■ **Record set**:
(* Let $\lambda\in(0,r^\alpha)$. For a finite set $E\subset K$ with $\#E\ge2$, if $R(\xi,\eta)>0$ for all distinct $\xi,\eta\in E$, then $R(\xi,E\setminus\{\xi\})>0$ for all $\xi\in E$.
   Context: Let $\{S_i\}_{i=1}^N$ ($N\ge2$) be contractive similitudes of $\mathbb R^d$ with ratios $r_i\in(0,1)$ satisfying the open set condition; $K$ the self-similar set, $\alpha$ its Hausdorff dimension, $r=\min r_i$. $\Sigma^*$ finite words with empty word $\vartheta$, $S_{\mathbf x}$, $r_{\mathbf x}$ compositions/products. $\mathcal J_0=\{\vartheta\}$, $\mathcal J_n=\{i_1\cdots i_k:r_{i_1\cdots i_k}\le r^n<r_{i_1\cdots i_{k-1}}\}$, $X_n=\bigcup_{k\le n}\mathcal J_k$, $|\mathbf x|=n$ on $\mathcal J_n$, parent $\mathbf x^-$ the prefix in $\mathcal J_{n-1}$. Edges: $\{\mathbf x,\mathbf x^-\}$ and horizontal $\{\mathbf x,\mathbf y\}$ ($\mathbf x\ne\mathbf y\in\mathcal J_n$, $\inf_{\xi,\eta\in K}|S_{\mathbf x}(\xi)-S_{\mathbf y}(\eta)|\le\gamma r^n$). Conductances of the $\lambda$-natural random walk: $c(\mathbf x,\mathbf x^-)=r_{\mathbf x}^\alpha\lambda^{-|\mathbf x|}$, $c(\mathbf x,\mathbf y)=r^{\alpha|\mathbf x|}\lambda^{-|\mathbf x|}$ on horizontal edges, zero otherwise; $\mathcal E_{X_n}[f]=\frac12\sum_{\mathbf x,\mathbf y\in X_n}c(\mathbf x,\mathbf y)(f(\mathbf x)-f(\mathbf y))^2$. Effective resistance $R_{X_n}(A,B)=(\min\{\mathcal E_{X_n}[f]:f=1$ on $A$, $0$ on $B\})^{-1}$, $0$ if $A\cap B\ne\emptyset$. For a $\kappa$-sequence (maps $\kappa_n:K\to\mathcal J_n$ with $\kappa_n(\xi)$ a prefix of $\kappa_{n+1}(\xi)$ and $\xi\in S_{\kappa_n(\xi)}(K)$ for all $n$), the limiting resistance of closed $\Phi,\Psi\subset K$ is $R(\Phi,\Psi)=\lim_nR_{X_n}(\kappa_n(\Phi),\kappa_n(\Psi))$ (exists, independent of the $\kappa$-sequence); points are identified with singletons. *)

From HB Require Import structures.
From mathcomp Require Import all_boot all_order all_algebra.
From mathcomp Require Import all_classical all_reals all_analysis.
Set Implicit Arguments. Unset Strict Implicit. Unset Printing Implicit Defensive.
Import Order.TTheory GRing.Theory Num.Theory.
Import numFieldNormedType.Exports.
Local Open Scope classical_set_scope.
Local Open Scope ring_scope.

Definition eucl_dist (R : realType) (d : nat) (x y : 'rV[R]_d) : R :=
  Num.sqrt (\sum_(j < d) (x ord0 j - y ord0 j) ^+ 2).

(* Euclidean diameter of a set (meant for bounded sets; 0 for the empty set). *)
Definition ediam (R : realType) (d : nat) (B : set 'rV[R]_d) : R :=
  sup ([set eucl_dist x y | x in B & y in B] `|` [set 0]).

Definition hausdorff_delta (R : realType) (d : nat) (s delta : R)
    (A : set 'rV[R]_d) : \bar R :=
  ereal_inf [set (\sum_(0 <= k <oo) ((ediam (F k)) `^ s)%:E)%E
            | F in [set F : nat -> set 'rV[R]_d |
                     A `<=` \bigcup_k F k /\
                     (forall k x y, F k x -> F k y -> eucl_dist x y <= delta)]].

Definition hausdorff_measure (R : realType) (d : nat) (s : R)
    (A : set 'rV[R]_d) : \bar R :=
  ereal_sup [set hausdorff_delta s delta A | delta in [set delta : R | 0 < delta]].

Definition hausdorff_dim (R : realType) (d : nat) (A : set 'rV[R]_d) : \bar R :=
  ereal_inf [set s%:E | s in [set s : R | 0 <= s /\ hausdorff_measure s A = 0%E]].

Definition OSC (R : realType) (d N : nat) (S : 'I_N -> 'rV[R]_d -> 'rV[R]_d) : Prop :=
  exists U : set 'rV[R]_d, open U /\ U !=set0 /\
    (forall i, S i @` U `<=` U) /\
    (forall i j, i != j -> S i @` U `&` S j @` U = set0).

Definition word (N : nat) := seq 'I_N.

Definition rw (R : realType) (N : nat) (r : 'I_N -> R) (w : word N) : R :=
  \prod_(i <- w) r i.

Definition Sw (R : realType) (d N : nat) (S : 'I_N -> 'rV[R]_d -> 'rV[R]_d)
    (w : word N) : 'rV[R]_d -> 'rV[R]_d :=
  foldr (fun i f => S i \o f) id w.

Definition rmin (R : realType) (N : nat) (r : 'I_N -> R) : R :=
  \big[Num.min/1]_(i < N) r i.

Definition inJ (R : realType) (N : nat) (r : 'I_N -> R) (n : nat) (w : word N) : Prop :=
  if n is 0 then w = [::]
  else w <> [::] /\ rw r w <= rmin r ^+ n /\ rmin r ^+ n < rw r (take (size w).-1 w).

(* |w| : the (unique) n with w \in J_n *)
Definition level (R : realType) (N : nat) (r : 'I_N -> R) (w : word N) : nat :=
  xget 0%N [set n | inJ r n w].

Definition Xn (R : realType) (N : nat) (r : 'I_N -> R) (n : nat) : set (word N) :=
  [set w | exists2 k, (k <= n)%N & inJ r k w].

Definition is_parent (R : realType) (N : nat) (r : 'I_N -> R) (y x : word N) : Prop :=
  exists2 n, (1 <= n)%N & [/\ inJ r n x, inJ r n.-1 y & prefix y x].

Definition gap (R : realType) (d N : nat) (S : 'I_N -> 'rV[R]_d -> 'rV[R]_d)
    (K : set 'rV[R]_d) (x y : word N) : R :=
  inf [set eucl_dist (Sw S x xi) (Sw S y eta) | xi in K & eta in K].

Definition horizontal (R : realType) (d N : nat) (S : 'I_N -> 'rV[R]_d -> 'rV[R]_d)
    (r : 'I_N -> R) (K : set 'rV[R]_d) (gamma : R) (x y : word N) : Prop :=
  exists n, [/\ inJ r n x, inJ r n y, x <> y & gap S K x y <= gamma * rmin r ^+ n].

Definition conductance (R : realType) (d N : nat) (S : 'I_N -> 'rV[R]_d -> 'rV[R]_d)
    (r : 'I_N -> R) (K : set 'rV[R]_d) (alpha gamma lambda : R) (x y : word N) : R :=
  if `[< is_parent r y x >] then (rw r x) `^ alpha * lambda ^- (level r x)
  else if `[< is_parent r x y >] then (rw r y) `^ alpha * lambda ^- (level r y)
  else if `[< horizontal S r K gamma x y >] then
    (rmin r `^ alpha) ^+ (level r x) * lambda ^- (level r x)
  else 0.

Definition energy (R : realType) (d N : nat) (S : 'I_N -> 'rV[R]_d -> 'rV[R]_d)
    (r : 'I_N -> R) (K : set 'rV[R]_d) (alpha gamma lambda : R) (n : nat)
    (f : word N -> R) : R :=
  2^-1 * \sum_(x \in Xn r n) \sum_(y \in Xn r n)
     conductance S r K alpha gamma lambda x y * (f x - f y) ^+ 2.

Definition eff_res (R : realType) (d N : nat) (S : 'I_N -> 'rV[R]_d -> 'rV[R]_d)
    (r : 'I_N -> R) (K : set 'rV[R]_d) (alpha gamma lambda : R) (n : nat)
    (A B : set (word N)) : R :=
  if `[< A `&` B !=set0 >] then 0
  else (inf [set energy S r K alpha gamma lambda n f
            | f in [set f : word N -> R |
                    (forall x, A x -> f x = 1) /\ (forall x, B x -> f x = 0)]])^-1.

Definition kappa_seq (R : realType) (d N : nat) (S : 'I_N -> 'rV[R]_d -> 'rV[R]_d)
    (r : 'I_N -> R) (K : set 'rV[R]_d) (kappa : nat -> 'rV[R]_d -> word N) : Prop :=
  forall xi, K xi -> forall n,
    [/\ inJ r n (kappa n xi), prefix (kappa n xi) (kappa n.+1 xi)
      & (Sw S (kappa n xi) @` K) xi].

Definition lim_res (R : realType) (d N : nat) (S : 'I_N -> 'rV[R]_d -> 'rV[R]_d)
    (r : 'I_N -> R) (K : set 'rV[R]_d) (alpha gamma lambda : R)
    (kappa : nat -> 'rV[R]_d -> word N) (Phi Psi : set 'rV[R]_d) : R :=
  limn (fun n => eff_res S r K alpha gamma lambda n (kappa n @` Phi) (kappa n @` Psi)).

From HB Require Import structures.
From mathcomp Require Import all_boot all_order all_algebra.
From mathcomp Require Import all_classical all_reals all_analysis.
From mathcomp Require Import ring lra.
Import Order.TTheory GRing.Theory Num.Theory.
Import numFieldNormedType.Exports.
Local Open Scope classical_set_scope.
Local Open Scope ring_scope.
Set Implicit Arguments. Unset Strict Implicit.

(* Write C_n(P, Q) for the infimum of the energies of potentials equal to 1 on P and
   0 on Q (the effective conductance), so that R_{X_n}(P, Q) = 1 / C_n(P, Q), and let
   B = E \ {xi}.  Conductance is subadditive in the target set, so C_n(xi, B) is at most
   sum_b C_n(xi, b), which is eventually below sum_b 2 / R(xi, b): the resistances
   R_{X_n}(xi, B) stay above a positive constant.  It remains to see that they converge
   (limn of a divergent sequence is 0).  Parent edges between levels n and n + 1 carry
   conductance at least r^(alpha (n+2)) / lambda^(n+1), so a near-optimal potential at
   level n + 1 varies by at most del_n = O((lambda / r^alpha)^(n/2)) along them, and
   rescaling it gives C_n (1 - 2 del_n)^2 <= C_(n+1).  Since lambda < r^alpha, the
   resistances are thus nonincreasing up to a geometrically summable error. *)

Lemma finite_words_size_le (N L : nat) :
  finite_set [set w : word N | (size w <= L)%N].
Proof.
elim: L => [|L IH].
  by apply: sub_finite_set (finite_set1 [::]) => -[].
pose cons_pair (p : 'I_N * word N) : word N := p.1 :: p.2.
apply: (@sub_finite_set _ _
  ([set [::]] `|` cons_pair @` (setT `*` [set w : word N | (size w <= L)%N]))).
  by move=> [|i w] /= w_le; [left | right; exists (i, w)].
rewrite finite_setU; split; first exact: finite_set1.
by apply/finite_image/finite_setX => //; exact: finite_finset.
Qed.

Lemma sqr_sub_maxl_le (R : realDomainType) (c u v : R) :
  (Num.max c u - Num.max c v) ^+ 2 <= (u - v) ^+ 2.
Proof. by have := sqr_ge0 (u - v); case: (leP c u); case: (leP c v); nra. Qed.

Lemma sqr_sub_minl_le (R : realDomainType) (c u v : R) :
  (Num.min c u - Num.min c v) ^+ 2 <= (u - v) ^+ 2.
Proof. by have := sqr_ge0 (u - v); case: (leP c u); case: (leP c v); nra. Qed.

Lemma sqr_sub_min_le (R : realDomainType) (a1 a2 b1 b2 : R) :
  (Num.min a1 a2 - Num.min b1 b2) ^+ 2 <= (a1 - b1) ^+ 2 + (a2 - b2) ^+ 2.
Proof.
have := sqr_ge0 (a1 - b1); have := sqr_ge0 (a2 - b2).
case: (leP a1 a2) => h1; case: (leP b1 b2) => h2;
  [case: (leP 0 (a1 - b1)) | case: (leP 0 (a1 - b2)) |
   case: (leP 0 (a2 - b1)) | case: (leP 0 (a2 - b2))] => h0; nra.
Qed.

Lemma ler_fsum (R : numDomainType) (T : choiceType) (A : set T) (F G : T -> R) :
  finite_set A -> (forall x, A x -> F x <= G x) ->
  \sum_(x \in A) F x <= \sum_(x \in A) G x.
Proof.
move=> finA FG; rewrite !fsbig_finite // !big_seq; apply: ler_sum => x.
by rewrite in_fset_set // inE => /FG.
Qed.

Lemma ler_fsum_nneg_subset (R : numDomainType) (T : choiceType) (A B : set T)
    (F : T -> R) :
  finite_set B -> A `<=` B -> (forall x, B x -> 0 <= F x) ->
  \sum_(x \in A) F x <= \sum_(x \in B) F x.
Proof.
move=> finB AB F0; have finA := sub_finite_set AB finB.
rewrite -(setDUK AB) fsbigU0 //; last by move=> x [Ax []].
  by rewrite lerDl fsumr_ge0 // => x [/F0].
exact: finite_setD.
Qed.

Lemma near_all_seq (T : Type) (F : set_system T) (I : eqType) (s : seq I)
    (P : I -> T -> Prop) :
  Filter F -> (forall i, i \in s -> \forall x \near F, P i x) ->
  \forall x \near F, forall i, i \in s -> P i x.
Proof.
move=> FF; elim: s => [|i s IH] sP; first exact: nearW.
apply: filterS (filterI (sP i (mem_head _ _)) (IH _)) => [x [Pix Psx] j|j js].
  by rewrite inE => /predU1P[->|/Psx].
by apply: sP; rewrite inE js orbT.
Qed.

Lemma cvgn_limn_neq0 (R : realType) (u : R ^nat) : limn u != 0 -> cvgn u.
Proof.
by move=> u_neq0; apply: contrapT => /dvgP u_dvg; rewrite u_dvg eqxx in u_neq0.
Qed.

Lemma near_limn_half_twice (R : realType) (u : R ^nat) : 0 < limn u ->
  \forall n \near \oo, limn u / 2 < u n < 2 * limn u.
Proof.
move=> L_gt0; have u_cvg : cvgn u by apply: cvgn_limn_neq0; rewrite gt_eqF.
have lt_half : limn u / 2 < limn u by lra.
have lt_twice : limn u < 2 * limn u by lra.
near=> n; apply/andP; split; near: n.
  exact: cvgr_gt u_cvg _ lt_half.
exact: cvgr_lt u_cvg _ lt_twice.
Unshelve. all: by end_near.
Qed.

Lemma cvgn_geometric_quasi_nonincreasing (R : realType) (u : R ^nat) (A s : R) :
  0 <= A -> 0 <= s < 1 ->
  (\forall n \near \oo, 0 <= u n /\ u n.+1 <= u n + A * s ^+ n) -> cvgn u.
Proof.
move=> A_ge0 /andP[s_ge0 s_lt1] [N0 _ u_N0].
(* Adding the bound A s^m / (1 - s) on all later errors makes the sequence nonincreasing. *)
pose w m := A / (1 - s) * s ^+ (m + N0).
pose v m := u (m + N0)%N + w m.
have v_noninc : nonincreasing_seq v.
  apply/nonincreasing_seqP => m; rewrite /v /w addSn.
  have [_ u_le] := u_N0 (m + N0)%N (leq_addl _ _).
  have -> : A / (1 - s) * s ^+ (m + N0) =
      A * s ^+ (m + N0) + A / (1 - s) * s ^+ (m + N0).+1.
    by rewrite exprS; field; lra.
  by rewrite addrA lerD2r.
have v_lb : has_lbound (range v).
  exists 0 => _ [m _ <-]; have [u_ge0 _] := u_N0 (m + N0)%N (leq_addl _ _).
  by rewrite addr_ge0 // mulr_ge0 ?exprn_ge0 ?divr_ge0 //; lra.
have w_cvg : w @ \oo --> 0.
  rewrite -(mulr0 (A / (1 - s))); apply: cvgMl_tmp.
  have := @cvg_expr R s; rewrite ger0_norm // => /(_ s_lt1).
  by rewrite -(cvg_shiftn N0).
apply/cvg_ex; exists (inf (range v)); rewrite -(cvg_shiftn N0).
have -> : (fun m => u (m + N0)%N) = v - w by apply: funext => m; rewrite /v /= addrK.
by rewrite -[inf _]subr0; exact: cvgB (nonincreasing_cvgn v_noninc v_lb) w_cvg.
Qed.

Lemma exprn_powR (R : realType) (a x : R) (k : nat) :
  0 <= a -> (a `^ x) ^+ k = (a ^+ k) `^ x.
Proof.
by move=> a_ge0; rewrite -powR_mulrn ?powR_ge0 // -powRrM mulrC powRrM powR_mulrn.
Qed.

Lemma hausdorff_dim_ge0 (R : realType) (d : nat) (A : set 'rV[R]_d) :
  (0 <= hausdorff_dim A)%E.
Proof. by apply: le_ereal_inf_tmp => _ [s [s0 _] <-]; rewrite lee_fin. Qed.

■ **Exercise**:
Copy out each line of the data above, exactly, if it lies between the line holding "apply: filterS (filterI" and the line holding "by rewrite addr_ge0", inclusive; copy no other line.

■ **Task solution**:
apply: filterS (filterI (sP i (mem_head _ _)) (IH _)) => [x [Pix Psx] j|j js].
  by rewrite inE => /predU1P[->|/Psx].
by apply: sP; rewrite inE js orbT.
Qed.

Lemma cvgn_limn_neq0 (R : realType) (u : R ^nat) : limn u != 0 -> cvgn u.
Proof.
by move=> u_neq0; apply: contrapT => /dvgP u_dvg; rewrite u_dvg eqxx in u_neq0.
Qed.

Lemma near_limn_half_twice (R : realType) (u : R ^nat) : 0 < limn u ->
  \forall n \near \oo, limn u / 2 < u n < 2 * limn u.
Proof.
move=> L_gt0; have u_cvg : cvgn u by apply: cvgn_limn_neq0; rewrite gt_eqF.
have lt_half : limn u / 2 < limn u by lra.
have lt_twice : limn u < 2 * limn u by lra.
near=> n; apply/andP; split; near: n.
  exact: cvgr_gt u_cvg _ lt_half.
exact: cvgr_lt u_cvg _ lt_twice.
Unshelve. all: by end_near.
Qed.

Lemma cvgn_geometric_quasi_nonincreasing (R : realType) (u : R ^nat) (A s : R) :
  0 <= A -> 0 <= s < 1 ->
  (\forall n \near \oo, 0 <= u n /\ u n.+1 <= u n + A * s ^+ n) -> cvgn u.
Proof.
move=> A_ge0 /andP[s_ge0 s_lt1] [N0 _ u_N0].
(* Adding the bound A s^m / (1 - s) on all later errors makes the sequence nonincreasing. *)
pose w m := A / (1 - s) * s ^+ (m + N0).
pose v m := u (m + N0)%N + w m.
have v_noninc : nonincreasing_seq v.
  apply/nonincreasing_seqP => m; rewrite /v /w addSn.
  have [_ u_le] := u_N0 (m + N0)%N (leq_addl _ _).
  have -> : A / (1 - s) * s ^+ (m + N0) =
      A * s ^+ (m + N0) + A / (1 - s) * s ^+ (m + N0).+1.
    by rewrite exprS; field; lra.
  by rewrite addrA lerD2r.
have v_lb : has_lbound (range v).
  exists 0 => _ [m _ <-]; have [u_ge0 _] := u_N0 (m + N0)%N (leq_addl _ _).
  by rewrite addr_ge0 // mulr_ge0 ?exprn_ge0 ?divr_ge0 //; lra.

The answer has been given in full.